__Extracted material__
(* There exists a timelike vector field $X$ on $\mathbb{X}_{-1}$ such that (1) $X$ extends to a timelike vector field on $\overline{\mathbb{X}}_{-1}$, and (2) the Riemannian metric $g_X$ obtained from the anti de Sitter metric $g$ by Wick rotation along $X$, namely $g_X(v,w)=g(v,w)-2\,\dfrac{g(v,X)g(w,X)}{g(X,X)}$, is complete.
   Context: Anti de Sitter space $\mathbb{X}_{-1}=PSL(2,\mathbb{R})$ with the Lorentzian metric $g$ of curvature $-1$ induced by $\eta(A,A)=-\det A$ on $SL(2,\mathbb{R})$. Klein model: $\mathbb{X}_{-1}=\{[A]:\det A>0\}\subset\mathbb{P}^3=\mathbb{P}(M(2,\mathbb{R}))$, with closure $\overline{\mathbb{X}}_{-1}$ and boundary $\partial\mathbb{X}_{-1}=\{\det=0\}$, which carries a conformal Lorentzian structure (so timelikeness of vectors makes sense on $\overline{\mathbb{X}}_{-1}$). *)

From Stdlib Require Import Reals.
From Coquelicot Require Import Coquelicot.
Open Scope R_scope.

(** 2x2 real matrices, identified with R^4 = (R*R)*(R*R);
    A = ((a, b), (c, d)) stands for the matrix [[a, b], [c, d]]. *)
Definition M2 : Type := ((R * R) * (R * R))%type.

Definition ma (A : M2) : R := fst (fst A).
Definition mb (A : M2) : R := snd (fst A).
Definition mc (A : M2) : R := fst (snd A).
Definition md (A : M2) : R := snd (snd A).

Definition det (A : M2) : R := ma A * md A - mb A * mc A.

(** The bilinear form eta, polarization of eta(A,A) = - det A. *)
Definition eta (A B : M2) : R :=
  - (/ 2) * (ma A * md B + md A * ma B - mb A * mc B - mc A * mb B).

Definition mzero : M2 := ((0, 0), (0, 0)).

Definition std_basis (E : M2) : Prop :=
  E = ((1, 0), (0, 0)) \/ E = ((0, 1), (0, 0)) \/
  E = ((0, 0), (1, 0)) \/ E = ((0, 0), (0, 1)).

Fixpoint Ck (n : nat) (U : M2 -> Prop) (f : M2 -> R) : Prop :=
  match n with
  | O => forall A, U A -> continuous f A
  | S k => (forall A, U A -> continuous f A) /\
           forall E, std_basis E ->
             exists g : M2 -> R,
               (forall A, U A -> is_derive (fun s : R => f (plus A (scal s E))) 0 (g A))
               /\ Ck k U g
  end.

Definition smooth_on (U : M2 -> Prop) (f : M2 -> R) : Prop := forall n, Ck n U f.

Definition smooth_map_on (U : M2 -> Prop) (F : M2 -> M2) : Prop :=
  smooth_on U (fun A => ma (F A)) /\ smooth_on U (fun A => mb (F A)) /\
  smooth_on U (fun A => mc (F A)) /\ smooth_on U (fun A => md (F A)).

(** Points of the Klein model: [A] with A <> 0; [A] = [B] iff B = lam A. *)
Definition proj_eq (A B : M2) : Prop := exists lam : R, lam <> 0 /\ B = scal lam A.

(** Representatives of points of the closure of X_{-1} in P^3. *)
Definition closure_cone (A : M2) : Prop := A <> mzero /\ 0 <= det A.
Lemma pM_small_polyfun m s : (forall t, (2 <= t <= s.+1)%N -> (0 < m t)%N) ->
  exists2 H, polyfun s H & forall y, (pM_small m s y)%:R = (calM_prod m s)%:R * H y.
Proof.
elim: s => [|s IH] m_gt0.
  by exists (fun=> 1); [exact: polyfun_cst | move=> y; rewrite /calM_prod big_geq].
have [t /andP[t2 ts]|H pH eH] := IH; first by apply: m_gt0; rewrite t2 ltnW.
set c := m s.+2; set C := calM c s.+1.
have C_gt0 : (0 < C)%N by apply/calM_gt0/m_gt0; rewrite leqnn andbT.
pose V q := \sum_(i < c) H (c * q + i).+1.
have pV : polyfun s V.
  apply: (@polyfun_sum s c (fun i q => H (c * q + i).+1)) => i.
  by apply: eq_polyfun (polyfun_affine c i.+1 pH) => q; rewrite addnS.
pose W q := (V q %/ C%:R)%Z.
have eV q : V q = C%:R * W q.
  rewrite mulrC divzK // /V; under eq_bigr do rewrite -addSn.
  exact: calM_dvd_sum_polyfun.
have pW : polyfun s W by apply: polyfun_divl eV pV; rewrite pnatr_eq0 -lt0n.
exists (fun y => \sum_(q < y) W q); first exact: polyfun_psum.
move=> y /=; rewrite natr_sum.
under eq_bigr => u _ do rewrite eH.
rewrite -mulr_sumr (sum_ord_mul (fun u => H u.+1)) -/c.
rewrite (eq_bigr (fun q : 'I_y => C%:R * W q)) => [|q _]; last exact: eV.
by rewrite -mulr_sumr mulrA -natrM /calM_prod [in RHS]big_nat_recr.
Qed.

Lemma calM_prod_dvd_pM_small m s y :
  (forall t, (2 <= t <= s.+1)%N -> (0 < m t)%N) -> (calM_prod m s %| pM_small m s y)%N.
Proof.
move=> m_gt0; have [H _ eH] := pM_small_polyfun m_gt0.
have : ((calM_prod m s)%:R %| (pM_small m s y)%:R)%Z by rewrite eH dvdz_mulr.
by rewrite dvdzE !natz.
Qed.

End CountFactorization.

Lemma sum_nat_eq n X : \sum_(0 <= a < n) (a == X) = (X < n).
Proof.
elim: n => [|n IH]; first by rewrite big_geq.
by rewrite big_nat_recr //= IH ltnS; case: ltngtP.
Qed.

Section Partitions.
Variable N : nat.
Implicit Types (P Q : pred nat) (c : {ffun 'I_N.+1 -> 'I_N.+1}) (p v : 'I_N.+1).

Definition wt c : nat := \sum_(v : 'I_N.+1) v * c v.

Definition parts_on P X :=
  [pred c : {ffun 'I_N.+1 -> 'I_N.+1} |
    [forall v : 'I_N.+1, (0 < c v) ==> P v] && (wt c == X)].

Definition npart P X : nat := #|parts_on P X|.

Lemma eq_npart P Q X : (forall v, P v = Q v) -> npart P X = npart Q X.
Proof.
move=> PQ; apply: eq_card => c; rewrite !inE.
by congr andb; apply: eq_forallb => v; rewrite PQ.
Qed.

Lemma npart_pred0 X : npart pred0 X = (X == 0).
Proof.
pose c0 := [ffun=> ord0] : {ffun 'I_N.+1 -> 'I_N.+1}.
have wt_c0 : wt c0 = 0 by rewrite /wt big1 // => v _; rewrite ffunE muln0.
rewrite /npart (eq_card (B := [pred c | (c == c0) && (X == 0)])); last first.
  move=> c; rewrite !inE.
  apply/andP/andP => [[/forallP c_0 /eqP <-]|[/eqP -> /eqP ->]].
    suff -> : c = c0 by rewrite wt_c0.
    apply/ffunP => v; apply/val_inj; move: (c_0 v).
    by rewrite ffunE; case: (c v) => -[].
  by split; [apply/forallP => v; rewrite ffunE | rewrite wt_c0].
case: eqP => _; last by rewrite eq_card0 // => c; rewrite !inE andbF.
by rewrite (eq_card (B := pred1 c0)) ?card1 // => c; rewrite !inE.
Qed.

__Work instruction__
From the line holding "move=> PQ; apply: eq_card => c; rewrite !inE." to the line holding "case: eqP =>", inclusive, restate each line above exactly as written.

__Solution to this exercise__
move=> PQ; apply: eq_card => c; rewrite !inE.
by congr andb; apply: eq_forallb => v; rewrite PQ.
Qed.

Lemma npart_pred0 X : npart pred0 X = (X == 0).
Proof.
pose c0 := [ffun=> ord0] : {ffun 'I_N.+1 -> 'I_N.+1}.
have wt_c0 : wt c0 = 0 by rewrite /wt big1 // => v _; rewrite ffunE muln0.
rewrite /npart (eq_card (B := [pred c | (c == c0) && (X == 0)])); last first.
  move=> c; rewrite !inE.
  apply/andP/andP => [[/forallP c_0 /eqP <-]|[/eqP -> /eqP ->]].
    suff -> : c = c0 by rewrite wt_c0.
    apply/ffunP => v; apply/val_inj; move: (c_0 v).
    by rewrite ffunE; case: (c v) => -[].
  by split; [apply/forallP => v; rewrite ffunE | rewrite wt_c0].
case: eqP => _; last by rewrite eq_card0 // => c; rewrite !inE andbF.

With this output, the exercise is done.